(* Fix a resource block $n$. Let $\mathcal K=\{1,\dots,K\}$, and for each $k\in\mathcal K$ let $M^{(k)}\ge 1$ be an integer and $\tilde{\mathcal K}^{(k)}\subseteq\mathcal K\setminus\{k\}$ a set with $|\tilde{\mathcal K}^{(k)}|=\tilde K$ for all $k$. Let $w^{(k)}_m, r^{(k)}_{m,n}, \tilde r^{(k,\tilde k)}_{m,n}$ be arbitrary real coefficients. Consider the linear program in the variables $x^{(k)}_{m,n}$ ($k\in\mathcal K$, $m\in\{1,\dots,M^{(k)}\}$), $y^{(k,\tilde k)}_{m,n}$ ($k\in\mathcal K$, $\tilde k\in\tilde{\mathcal K}^{(k)}$, $m\in\{1,\dots,M^{(k)}\}$) and $I^{(k)}_n$ ($k\in\mathcal K$): $$\max\ \sum_{k=1}^K\sum_{m=1}^{M^{(k)}} w^{(k)}_m\Big(x^{(k)}_{m,n}r^{(k)}_{m,n}+\sum_{\tilde k\in\tilde{\mathcal K}^{(k)}} y^{(k,\tilde k)}_{m,n}\tilde r^{(k,\tilde k)}_{m,n}\Big)$$ subject to $\sum_{m=1}^{M^{(k)}}x^{(k)}_{m,n}=1-I^{(k)}_n$ for all $k$; $\sum_{\tilde k\in\tilde{\mathcal K}^{(k)}}y^{(k,\tilde k)}_{m,n}\le x^{(k)}_{m,n}$ for all $k,m$; $\sum_{m=1}^{M^{(k)}}y^{(k,\tilde k)}_{m,n}\le I^{(\tilde k)}_n$ for all $k$ and $\tilde k\in\tilde{\mathcal K}^{(k)}$; and $x^{(k)}_{m,n},y^{(k,\tilde k)}_{m,n},I^{(k)}_n\in[0,1]$ for all indices. Then at every optimal vertex (basic optimal solution) of this linear program, the percentage of variables taking a value in $\{0,1\}$ is at least $$\frac{\tilde K(\bar M-1)}{(\tilde K+1)\bar M+1}\cdot 100\%,\qquad \bar M=\frac1K\sum_{k=1}^K M^{(k)}.$$
   Context: This linear program is the relaxation (binary constraints replaced by $[0,1]$ bounds) of a binary linear program for weighted sum-rate maximization with resource-block blanking in a $K$-sector cellular network: $x^{(k)}_{m,n}$ indicates assignment of resource block $n$ to user $m$ in sector $k$, $I^{(k)}_n$ indicates that block $n$ is blanked in sector $k$, and $y^{(k,\tilde k)}_{m,n}$ are auxiliary variables. $\tilde K$ is the common number of neighboring interfering sectors per sector and $\bar M$ the average number of users per sector. *)

From HB Require Import structures.
From mathcomp Require Import all_boot all_order all_algebra.
Set Implicit Arguments. Unset Strict Implicit. Unset Printing Implicit Defensive.
Import Order.TTheory GRing.Theory Num.Theory.
Local Open Scope ring_scope.

(* The LP relaxation for a fixed resource block n (the index n is dropped).
   Sectors are 'I_K; sector k has M k users ('I_(M k));
   Ktil k is the set of neighbouring interfering sectors of k. *)
Section LP.
Variable R : realFieldType.
Variable K : nat.
Variable M : 'I_K -> nat.
Variable Ktil : 'I_K -> {set 'I_K}.

Definition XI : finType := {k : 'I_K & 'I_(M k)}.
Definition YI0 : finType := {k : 'I_K & ('I_K * 'I_(M k))%type}.
Definition YI : finType := {p : YI0 | (tagged p).1 \in Ktil (tag p)}.
Definition var : finType := ((XI + YI) + 'I_K)%type.

Definition xvar (i : XI) : var := inl (inl i).
Definition yvar (p : YI) : var := inl (inr p).
Definition Ivar (k : 'I_K) : var := inr k.

Definition yk (p : YI) : 'I_K := tag (val p).
Definition ykt (p : YI) : 'I_K := (tagged (val p)).1.
Definition ym (p : YI) : 'I_(M (yk p)) := (tagged (val p)).2.
Definition yx (p : YI) : XI := Tagged (fun k => 'I_(M k)) (ym p).

Definition feasible (z : {ffun var -> R}) : Prop :=
  [/\ (forall k : 'I_K,
         \sum_(m < M k) z (xvar (Tagged (fun k => 'I_(M k)) m)) = 1 - z (Ivar k)),
      (forall i : XI, \sum_(p : YI | yx p == i) z (yvar p) <= z (xvar i)),
      (forall k kt : 'I_K, kt \in Ktil k ->
         \sum_(p : YI | (yk p == k) && (ykt p == kt)) z (yvar p) <= z (Ivar kt))
    & (forall v : var, 0 <= z v <= 1)].

Variable w r : forall k : 'I_K, 'I_(M k) -> R.
Variable rt : forall k : 'I_K, 'I_K -> 'I_(M k) -> R.

Definition objective (z : {ffun var -> R}) : R :=
  \sum_(i : XI) @w (tag i) (tagged i) *
     (z (xvar i) * @r (tag i) (tagged i)
      + \sum_(p : YI | yx p == i) z (yvar p) * @rt (yk p) (ykt p) (ym p)).

Definition optimal (z : {ffun var -> R}) : Prop :=
  feasible z /\ forall z', feasible z' -> objective z' <= objective z.

Definition vertex (z : {ffun var -> R}) : Prop :=
  feasible z /\
  forall (z1 z2 : {ffun var -> R}) (t : R),
    feasible z1 -> feasible z2 -> 0 < t < 1 ->
    (forall v, z v = t * z1 v + (1 - t) * z2 v) -> z1 = z2.

Definition n_integral (z : {ffun var -> R}) : nat :=
  #|[pred v : var | (z v == 0) || (z v == 1)]|.

Definition Mbar : R := (\sum_(k < K) (M k)%:R) / K%:R.

End LP.

From HB Require Import structures.
From mathcomp Require Import all_boot all_order all_algebra.
From mathcomp Require Import ring lra zify.
Import Order.TTheory GRing.Theory Num.Theory.
Set Implicit Arguments. Unset Strict Implicit. Unset Printing Implicit Defensive.
Local Open Scope ring_scope.

(** At an extreme point [z] of the feasible polytope, the fractional coordinates
    ([0 < z v < 1]) are at most as many as the constraints besides the bounds
    [0 <= z v <= 1]: otherwise some nonzero direction [u] supported on them is
    annihilated by every constraint row, [z + s u] and [z - s u] are feasible for
    small [s > 0], and [z] is their midpoint.  With [S] users in total there are
    [K + S + K Kt] such constraints (one per sector, one per user, one per
    neighbouring pair) for [S + Kt S + K] variables, so at least [Kt (S - K)]
    variables are integral; dividing by the number of variables gives the bound. *)

Section Kernel.
Variable R : fieldType.

Lemma sum_indicator_mul (T : finType) (x : T) (f : T -> R) :
  \sum_v (x == v)%:R * f v = f x.
Proof.
rewrite (bigD1 x) //= eqxx mul1r big1 ?addr0 // => v.
by rewrite eq_sym => /negbTE ->; rewrite mul0r.
Qed.

Lemma sum_count_preimage_mul (T J : finType) (P : pred J) (g : J -> T)
    (f : T -> R) :
  \sum_v (\sum_(j | P j) (g j == v)%:R) * f v = \sum_(j | P j) f (g j).
Proof.
under eq_bigr do rewrite mulr_suml.
by rewrite exchange_big; apply: eq_bigr => j _; apply: sum_indicator_mul.
Qed.

Lemma underdetermined_kernel (I J : finType) (F : {set I}) (a : J -> I -> R) :
  (#|J| < #|F|)%N ->
  exists u : I -> R, [/\ exists i, u i != 0, forall i, i \notin F -> u i = 0
     & forall j, \sum_i a j i * u i = 0].
Proof.
move=> ltJF.
pose A : 'M[R]_(#|F|, #|J|) := \matrix_(t, s) a (enum_val s) (enum_val t).
have /rowV0Pn[w /[!sub_kermx] /eqP wA w_neq0] : kermx A != 0.
  rewrite -mxrank_eq0 mxrank_ker subn_eq0 -ltnNge.
  exact: leq_ltn_trans (rank_leq_col A) ltJF.
have [t0 wt0] : exists t0, w 0 t0 != 0.
  apply/existsP; apply: contraNT w_neq0 => /existsPn w0.
  by apply/eqP/rowP => t; rewrite mxE; apply/eqP; rewrite -[_ == _]negbK w0.
exists (fun i => \sum_t (enum_val t == i)%:R * w 0 t); split.
- exists (enum_val t0).
  under eq_bigr do rewrite (inj_eq enum_val_inj) eq_sym.
  by rewrite sum_indicator_mul.
- move=> i iF; apply: big1 => t _.
  by case: eqP (enum_valP t) => [-> /[!(negbTE iF)] |_ _]; rewrite ?mul0r.
- move=> j; under eq_bigr do rewrite mulr_sumr.
  rewrite exchange_big; transitivity ((w *m A) 0 (enum_rank j)).
    rewrite !mxE; apply: eq_bigr => t _.
    rewrite mxE enum_rankK mulrC -(sum_indicator_mul _ (fun i => a j i * w 0 t)).
    by apply: eq_bigr => i _; rewrite mulrCA.
  by rewrite wA mxE.
Qed.

End Kernel.

Definition fractional (R : numDomainType) (T : finType) (z : T -> R) : {set T} :=
  [set v | 0 < z v < 1].

Lemma exists_pos_lower_bound (R : realDomainType) (T : finType) (P : pred T)
    (b : T -> R) :
  (forall i, P i -> 0 < b i) -> exists2 s, 0 < s & forall i, P i -> s <= b i.
Proof.
move=> b_gt0; exists (\big[Num.min/1]_(i | P i) b i).
  by elim/big_ind: _ => // x y x_gt0 y_gt0; rewrite lt_min x_gt0.
by move=> i Pi; rewrite (bigD1 i) //= ge_min lexx.
Qed.

Section ExtremePoint.
Variables (R : realFieldType) (T C : finType).
Variables (a : C -> T -> R) (P : {ffun T -> R} -> Prop) (z : {ffun T -> R}).

Hypothesis z_box : forall v, 0 <= z v <= 1.
Hypothesis P_kernel_shift : forall u : T -> R,
  (forall c, \sum_v a c v * u v = 0) -> (forall v, 0 <= z v + u v <= 1) ->
  P [ffun v => z v + u v].
Hypothesis z_extreme : forall z1 z2 t, P z1 -> P z2 -> 0 < t < 1 ->
  (forall v, z v = t * z1 v + (1 - t) * z2 v) -> z1 = z2.

Lemma box_shift_small (u : T -> R) :
  (forall v, v \notin fractional z -> u v = 0) ->
  exists2 s, 0 < s & forall e, `|e| <= s -> forall v, 0 <= z v + e * u v <= 1.
Proof.
move=> u_supp.
pose slack v := Num.min (z v) (1 - z v).
have [s s_gt0 s_le] : exists2 s, 0 < s &
    forall v, v \in fractional z -> s <= slack v / (`|u v| + 1).
  apply: exists_pos_lower_bound => v; rewrite inE => /andP[zv_gt0 zv_lt1].
  by rewrite divr_gt0 ?lt_min ?zv_gt0 ?subr_gt0 // ltr_wpDl.
exists s => // e le_es v; have [vF|/u_supp->] := boolP (v \in fractional z);
  last by rewrite mulr0 addr0.
have slack_lez : slack v <= z v by rewrite ge_min lexx.
have slack_le1z : slack v <= 1 - z v by rewrite ge_min lexx orbT.
have u1_gt0 : 0 < `|u v| + 1 by rewrite ltr_wpDl.
have : `|e * u v| <= slack v.
  rewrite normrM; apply: le_trans (ler_wpM2r (normr_ge0 _) le_es) _.
  apply: le_trans (ler_wpM2r (normr_ge0 _) (s_le v vF)) _.
  rewrite mulrAC ler_pdivrMr // ler_wpM2l ?lerDl //.
  move: vF; rewrite inE => /andP[? ?]; rewrite le_min subr_ge0 !ltW //.
by rewrite ler_norml => /andP[? ?]; apply/andP; split; lra.
Qed.

Lemma card_fractional_le : (#|fractional z| <= #|C|)%N.
Proof.
rewrite leqNgt; apply/negP => /(underdetermined_kernel a)[u [[i ui] u_supp u_ker]].
have [s s_gt0 s_box] := box_shift_small u_supp.
have shift_ker e c : \sum_v a c v * (e * u v) = 0.
  by under eq_bigr do rewrite mulrCA; rewrite -mulr_sumr u_ker mulr0.
have shiftP e : `|e| <= s -> P [ffun v => z v + e * u v].
  by move=> le_es; apply: P_kernel_shift; [apply: shift_ker | apply: s_box].
have half_in01 : 0 < (1 / 2 : R) < 1 by apply/andP; split; lra.
have le_ss : `|s| <= s by rewrite ger0_norm // ltW.
have le_Nss : `|- s| <= s by rewrite normrN.
have : [ffun v => z v + s * u v] = [ffun v => z v + - s * u v].
  apply: z_extreme (shiftP _ le_ss) (shiftP _ le_Nss) half_in01 _ => v.
  by rewrite !ffunE; field.
move=> /ffunP/(_ i); rewrite !ffunE mulNr => /addrI/eqP.
by rewrite -subr_eq0 opprK -mulr2n mulrn_eq0 mulf_eq0 (gt_eqF s_gt0) (negbTE ui).
Qed.

End ExtremePoint.

Section Constraints.
Variables (R : realFieldType) (K : nat) (M : 'I_K -> nat) (Ktil : 'I_K -> {set 'I_K}).

Definition neighbour_pair : finType := {p : 'I_K * 'I_K | p.2 \in Ktil p.1}.
Definition constraint : finType := (('I_K + XI M) + neighbour_pair)%type.

(* Left-hand sides, normalised so that the constraints read [= 1], [<= 0] and [<= 0]. *)
Definition constraint_lhs (c : constraint) (f : var M Ktil -> R) : R :=
  match c with
  | inl (inl k) => \sum_(m < M k) f (xvar Ktil (Tagged (fun k => 'I_(M k)) m))
                   + f (Ivar M Ktil k)
  | inl (inr i) => \sum_(p : YI M Ktil | yx p == i) f (yvar p) - f (xvar Ktil i)
  | inr q => \sum_(p : YI M Ktil | (yk p == (val q).1) && (ykt p == (val q).2))
               f (yvar p) - f (Ivar M Ktil (val q).2)
  end.

Definition constraint_coef (c : constraint) (v : var M Ktil) : R :=
  constraint_lhs c (fun u => (u == v)%:R).

Lemma constraint_lhsE c f :
  constraint_lhs c f = \sum_v constraint_coef c v * f v.
Proof.
rewrite /constraint_coef; case: c => [[k|i]|q] /=.
- under [RHS]eq_bigr do rewrite mulrDl.
  by rewrite big_split /= sum_count_preimage_mul sum_indicator_mul.
- under [RHS]eq_bigr do rewrite mulrBl.
  by rewrite sumrB /= sum_count_preimage_mul sum_indicator_mul.
- under [RHS]eq_bigr do rewrite mulrBl.
  by rewrite sumrB /= sum_count_preimage_mul sum_indicator_mul.
Qed.

Lemma feasible_kernel_shift (z : {ffun var M Ktil -> R}) :
  feasible z -> forall u : var M Ktil -> R,
  (forall c, \sum_v constraint_coef c v * u v = 0) ->
  (forall v, 0 <= z v + u v <= 1) -> feasible [ffun v => z v + u v].
Proof.
move=> [z_part z_y_x z_y_I _] u u_ker zu_box.
have lhs_shift c : constraint_lhs c [ffun v => z v + u v] = constraint_lhs c z.
  rewrite !constraint_lhsE; under eq_bigr do rewrite ffunE mulrDr.
  by rewrite big_split /= u_ker addr0.
split=> [k | i | k kt kt_k | v]; last by rewrite ffunE.
- have := lhs_shift (inl (inl k)); rewrite /= z_part subrK => lhs1.
  by rewrite -lhs1 addrK.
- have := lhs_shift (inl (inr i)); rewrite /= => lhs0.
  by rewrite -subr_le0 lhs0 subr_le0 z_y_x.
- have := lhs_shift (inr (exist _ (k, kt) kt_k)); rewrite /= => lhs0.
  by rewrite -subr_le0 lhs0 subr_le0 z_y_I.
Qed.

End Constraints.

Section Counting.
Variables (K : nat) (M : 'I_K -> nat) (Ktil : 'I_K -> {set 'I_K}) (Kt : nat).
Hypothesis card_Ktil : forall k, #|Ktil k| = Kt.

Local Notation S := (\sum_(k < K) M k)%N.

Lemma card_XI : #|XI M| = S.
Proof.
rewrite card_tagged sumnE big_map big_enum /=.
by apply: eq_bigr => k _; rewrite card_ord.
Qed.

Lemma card_YI : #|YI M Ktil| = (Kt * S)%N.
Proof.
rewrite card_sig -sum1_card big_distrr /=.
transitivity (\sum_(k < K) \sum_(j : 'I_K * 'I_(M k) | j.1 \in Ktil k) 1)%N.
  by rewrite sig_big_dep; apply: eq_bigl => p; rewrite !inE.
apply: eq_bigr => k _; rewrite -(card_Ktil k).
transitivity (\sum_(a in Ktil k) \sum_(b < M k) 1)%N.
  by rewrite pair_big; apply: eq_bigl => p /=; rewrite andbT.
by rewrite !sum_nat_const card_ord muln1.
Qed.

Lemma card_neighbour_pair : #|neighbour_pair Ktil| = (K * Kt)%N.
Proof.
rewrite card_sig -sum1_card.
transitivity (\sum_(k < K) \sum_(kt in Ktil k) 1)%N.
  by rewrite pair_big_dep; apply: eq_bigl => p; rewrite !inE.
under eq_bigr do rewrite sum1_card card_Ktil.
by rewrite sum_nat_const card_ord.
Qed.

Lemma card_var : #|var M Ktil| = (S + Kt * S + K)%N.
Proof. by rewrite !card_sum card_XI card_YI card_ord. Qed.

Lemma card_constraint : #|constraint M Ktil| = (K + S + K * Kt)%N.
Proof. by rewrite !card_sum card_ord card_XI card_neighbour_pair. Qed.

End Counting.

Lemma n_integral_add_fractional (R : realFieldType) (K : nat) (M : 'I_K -> nat)
    (Ktil : 'I_K -> {set 'I_K}) (z : {ffun var M Ktil -> R}) :
  (forall v, 0 <= z v <= 1) ->
  (n_integral z + #|fractional z|)%N = #|var M Ktil|.
Proof.
move=> z_box; rewrite -(cardC (fractional z)) addnC; congr addn.
apply: eq_card => v; rewrite !inE.
have /andP[z_ge0 z_le1] := z_box v.
by rewrite !lt_def z_ge0 z_le1 !andbT negb_and !negbK (eq_sym 1).
Qed.

(* With [s] users in [k] sectors, [s / k] is [Mbar]; for [k = 0] the left side is
   [- 100 t] because [0 / 0 = 0]. *)
Lemma integral_share_bound (R : realFieldType) (n s t k : nat) :
  (t * s <= n + k * t)%N -> (k = 0 -> s = 0)%N ->
  t%:R * (s%:R / k%:R - 1) / ((t%:R + 1) * (s%:R / k%:R) + 1) * 100
    <= n%:R / (s + t * s + k)%N%:R * (100 : R).
Proof.
move=> le_ts k0_s0; have [k0|k_gt0] := posnP k.
  rewrite k0_s0 // k0 muln0 invr0 !(mulr0, sub0r, mul0r, add0r, invr1).
  by rewrite mulr1 mulrN1 mulNr oppr_le0 mulr_ge0.
rewrite ler_pM2r ?ltr0n // !natrD !natrM.
have le_ts' : t%:R * s%:R <= n%:R + k%:R * t%:R :> R.
  by rewrite -!natrM -natrD ler_nat.
have kR_gt0 : 0 < k%:R :> R by rewrite ltr0n.
have ts_ge0 : 0 <= t%:R * s%:R :> R by rewrite mulr_ge0.
have s_ge0 : 0 <= s%:R :> R := ler0n _ _.
have -> : t%:R * (s%:R / k%:R - 1) / ((t%:R + 1) * (s%:R / k%:R) + 1)
        = (t%:R * s%:R - k%:R * t%:R) / (s%:R + t%:R * s%:R + k%:R) :> R.
  by field; rewrite !gt_eqF //; lra.
by rewrite ler_pM2r ?invr_gt0; lra.
Qed.

Theorem proposition1 (R : realFieldType) (K : nat) (M : 'I_K -> nat)
  (Ktil : 'I_K -> {set 'I_K}) (Kt : nat)
  (hM : forall k, (1 <= M k)%N)
  (hKtil : forall k, k \notin Ktil k)
  (hcard : forall k, #|Ktil k| = Kt)
  (w r : forall k : 'I_K, 'I_(M k) -> R)
  (rt : forall k : 'I_K, 'I_K -> 'I_(M k) -> R)
  (z : {ffun var M Ktil -> R}) :
  optimal w r rt z -> vertex z ->
  (n_integral z)%:R / #|var M Ktil|%:R * 100
    >= Kt%:R * (Mbar R M - 1) / ((Kt%:R + 1) * Mbar R M + 1) * 100.
Proof.
move=> _ [z_feas z_extreme]; have [_ _ _ z_box] := z_feas.
have := card_fractional_le z_box (feasible_kernel_shift z_feas) z_extreme.
have := n_integral_add_fractional z_box.
rewrite (card_constraint M hcard) (card_var M hcard) => n_frac le_frac.
set S := (\sum_(k < K) M k)%N in n_frac le_frac *.
rewrite /Mbar -natr_sum -/S; apply: integral_share_bound; first lia.
by move=> K0; rewrite /S; subst K; rewrite big_ord0.
Qed.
────
● **WORK REQUIRED**: Using the entries above, repeat only the lines from the one containing "by elim/big_ind: _" through the one containing "Hypothesis z_extreme : forall", end lines included.

● **OUTPUT BELOW**:
  by elim/big_ind: _ => // x y x_gt0 y_gt0; rewrite lt_min x_gt0.
by move=> i Pi; rewrite (bigD1 i) //= ge_min lexx.
Qed.

Section ExtremePoint.
Variables (R : realFieldType) (T C : finType).
Variables (a : C -> T -> R) (P : {ffun T -> R} -> Prop) (z : {ffun T -> R}).

Hypothesis z_box : forall v, 0 <= z v <= 1.
Hypothesis P_kernel_shift : forall u : T -> R,
  (forall c, \sum_v a c v * u v = 0) -> (forall v, 0 <= z v + u v <= 1) ->
  P [ffun v => z v + u v].
Hypothesis z_extreme : forall z1 z2 t, P z1 -> P z2 -> 0 < t < 1 ->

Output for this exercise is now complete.